Sure I agree, but I’m still having trouble with Max saying:
"When a PTE is made valid, the reference count for the page table containing
the PTE is incremented. And vice versa. "
The reference on the Page Table might or might not be OS MM policy, but he
is saying here, unless I’m misreading, that the reference count on the PTE
is also incremented, and that would make all PTE’s effectively non-pageable.
-----Original Message-----
From: xxxxx@rdperf.com [mailto:xxxxx@rdperf.com]
Sent: Monday, April 03, 2000 11:13 AM
To: NT Developers Interest List
Subject: [ntdev] Re: Are page tables paged out?
Please forgive any errors in this description. It has been a long
time since I studied this and I am doing this off the top of my head.
Page table entries are hardware dependent. In fact, it would
be possible
(I think MIPS is this way) to NOT have a hardware PTE. The hardware
implementations that I have looked at tdo not have “reference counts”
in the PTEs.
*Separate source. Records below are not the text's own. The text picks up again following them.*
(* Let $n\in\mathbb{N}$, let $p,q:\mathbb{R}^n\to\mathbb{R}$ be polynomials, let $\epsilon>0$, and let $a_j,b_j\in\mathbb{R}$ with $a_j<b_j$ for $j\in\{1,\dots,n\}$. Set $\Omega:=[a_1,b_1]\times[a_2,b_2]\times\dots\times[a_n,b_n]$ and assume that $\min_\Omega|q|>0$. Then \[ \left|\min_{\Omega,\epsilon}\frac{p}{q}-\min_\Omega\frac{p}{q}\right|\leq\frac{\epsilon}{\min_\Omega q^2},\qquad \left|\max_{\Omega,\epsilon}\frac{p}{q}-\max_\Omega\frac{p}{q}\right|\leq\frac{\epsilon}{\min_\Omega q^2}, \] and \[ \left|\left\|\frac{p}{q}\right\|_{L^\infty(\Omega,\epsilon)}-\left\|\frac{p}{q}\right\|_{L^\infty(\Omega)}\right|\leq\frac{\epsilon}{\min_\Omega q^2}. \]
   Context: Chebyshev polynomials $T_m$ are defined by $T_m(\cos z)=\cos(mz)$. For a polynomial $P:\mathbb{C}^n\to\mathbb{C}$ written as $P(x^1,\dots,x^n)=\sum_{j_1,\dots,j_n} c_{j_1\dots j_n}T_{j_1}(x^1)\cdots T_{j_n}(x^n)$, its T-norm on $[-1,1]^n$ is $\sum|c_{j_1\dots j_n}|$; on a box $[a_1,b_1]\times\dots\times[a_n,b_n]$ the T-norm $\|P\|_{T(\cdot)}$ is the T-norm on $[-1,1]^n$ of $P$ composed with the affine maps $x\mapsto \frac{b_j-a_j}{2}x+\frac{a_j+b_j}{2}$ in each variable. With $\Omega$, $p$, $q$, $\epsilon$ as in the claim, set for $j\in\{1,\dots,n\}$ \[ M_j:=\min\left\{m\in\mathbb{N}: m\geq\frac{n}{\epsilon}(b_j-a_j)\|\partial_jp\,q-p\,\partial_jq\|_{T(\Omega)}\right\} \] and the grid \[ \Lambda:=\left\{\left(a_1+\tfrac{b_1-a_1}{M_1}k_1,\dots,a_n+\tfrac{b_n-a_n}{M_n}k_n\right): k_j\in[0,M_j]\cap\mathbb{Z}\right\}. \] Then by definition $\max_{\Omega,\epsilon}\frac{p}{q}:=\max_\Lambda\frac{p}{q}$, $\min_{\Omega,\epsilon}\frac{p}{q}:=\min_\Lambda\frac{p}{q}$, and $\left\|\frac{p}{q}\right\|_{L^\infty(\Omega,\epsilon)}:=\max_\Lambda\left|\frac{p}{q}\right|$. *)

From HB Require Import structures.
From mathcomp Require Import all_boot all_order all_algebra.
From mathcomp Require Import boolp classical_sets reals.
From mathcomp Require Import mpoly.

Set Implicit Arguments.
Unset Strict Implicit.
Unset Printing Implicit Defensive.

Import Order.TTheory GRing.Theory Num.Theory.
Local Open Scope ring_scope.
Local Open Scope classical_set_scope.

(* Chebyshev polynomials of the first kind, T_0 = 1, T_1 = X,
   T_(m+2) = 2 X T_(m+1) - T_m ; equivalently T_m (cos z) = cos (m z). *)
Section Cheb.
Variable R : comNzRingType.
Fixpoint cheb_pair (m : nat) : {poly R} * {poly R} :=
  match m with
  | 0 => (1, 'X)
  | m'.+1 => let: (t0, t1) := cheb_pair m' in (t1, 2%:R *: ('X * t1) - t0)
  end.
Definition cheb (m : nat) : {poly R} := (cheb_pair m).1.
End Cheb.

Section Defs.
Variables (R : realType) (n : nat).

Definition chebX (m : nat) (i : 'I_n) : {mpoly R[n]} :=
  (map_poly (@mpolyC n R) (cheb R m)).['X_i].

Definition chebM (m : 'X_{1..n}) : {mpoly R[n]} := \prod_(i < n) chebX (m i) i.

(* C (a polynomial used only as a finitely supported family of coefficients
   indexed by multi-indices) is a Chebyshev expansion of P *)
Definition cheb_expansion (C P : {mpoly R[n]}) : Prop :=
  P = \sum_(m <- msupp C) C@_m *: chebM m.

Definition Tnorm (P : {mpoly R[n]}) : R :=
  let C := xget 0 (cheb_expansion ^~ P) in \sum_(m <- msupp C) `|C@_m|.

Definition box_affine (a b : 'I_n -> R) : n.-tuple {mpoly R[n]} :=
  [tuple ((b i - a i) / 2%:R) *: 'X_i + ((a i + b i) / 2%:R)%:MP | i < n].

Definition TnormBox (a b : 'I_n -> R) (P : {mpoly R[n]}) : R :=
  Tnorm (P \mPo box_affine a b).

Definition box (a b : 'I_n -> R) : set ('I_n -> R) :=
  [set x | forall i, a i <= x i <= b i].

Definition minOn (A : set ('I_n -> R)) (f : ('I_n -> R) -> R) : R :=
  inf [set f x | x in A].
Definition maxOn (A : set ('I_n -> R)) (f : ('I_n -> R) -> R) : R :=
  sup [set f x | x in A].

Definition ratf (p q : {mpoly R[n]}) : ('I_n -> R) -> R :=
  fun x => p.@[x] / q.@[x].

(* M_j := min { m in N : m >= (n/eps) (b_j - a_j) || d_j p q - p d_j q ||_T(Omega) } *)
Definition gridM (a b : 'I_n -> R) (eps : R) (p q : {mpoly R[n]}) (j : 'I_n) : nat :=
  `| Num.ceil ((n%:R / eps) * (b j - a j) *
        TnormBox a b (p^`M(j) * q - p * q^`M(j))) |%N.

Definition grid (a b : 'I_n -> R) (eps : R) (p q : {mpoly R[n]}) : set ('I_n -> R) :=
  [set x | exists k : 'I_n -> nat, forall j,
      (k j <= gridM a b eps p q j)%N /\
      x j = a j + (b j - a j) / (gridM a b eps p q j)%:R * (k j)%:R].

Definition maxOmegaEps a b eps p q := maxOn (grid a b eps p q) (ratf p q).
Definition minOmegaEps a b eps p q := minOn (grid a b eps p q) (ratf p q).
Definition LinfOmegaEps a b eps p q :=
  maxOn (grid a b eps p q) (fun x => `|ratf p q x|).

End Defs.

From HB Require Import structures.
From mathcomp Require Import all_boot all_order all_algebra.
From mathcomp Require Import boolp classical_sets functions reals.
From mathcomp Require Import mpoly.
From mathcomp Require Import normedtype derive realfun.
From mathcomp Require Import ring lra.
Set Implicit Arguments.
Unset Strict Implicit.
Unset Printing Implicit Defensive.

Import Order.TTheory GRing.Theory Num.Theory.
Import numFieldNormedType.Exports.
Local Open Scope ring_scope.
Local Open Scope classical_set_scope.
They would effectively be meaningless. They
would have a “valid”
bit as well as some kind of “dirty” bit to indicate that
there was a recent
write to the page so that page cleanup can make sure that
section files
get written out to the disk before pages are removed.
The reference count referred to is probably the one in the Page Frame
Database. This reference count is used to “lock” down pages. The PFN
database is an OS construct and has NOTHING to do with the hardware
except that it helps the OS track physical memory pages. By
OS definition,
a page with a non-zero reference count in it’s PFN database
entry is NOT
pageable. This is essentially how MmProbeAndLockPages locks pages.
It’s a different mechanism, but similar that is used to lock
pages within
a working set. A process has a working set list that works
in a similar
manner to the PFN database to provide for working set trimming.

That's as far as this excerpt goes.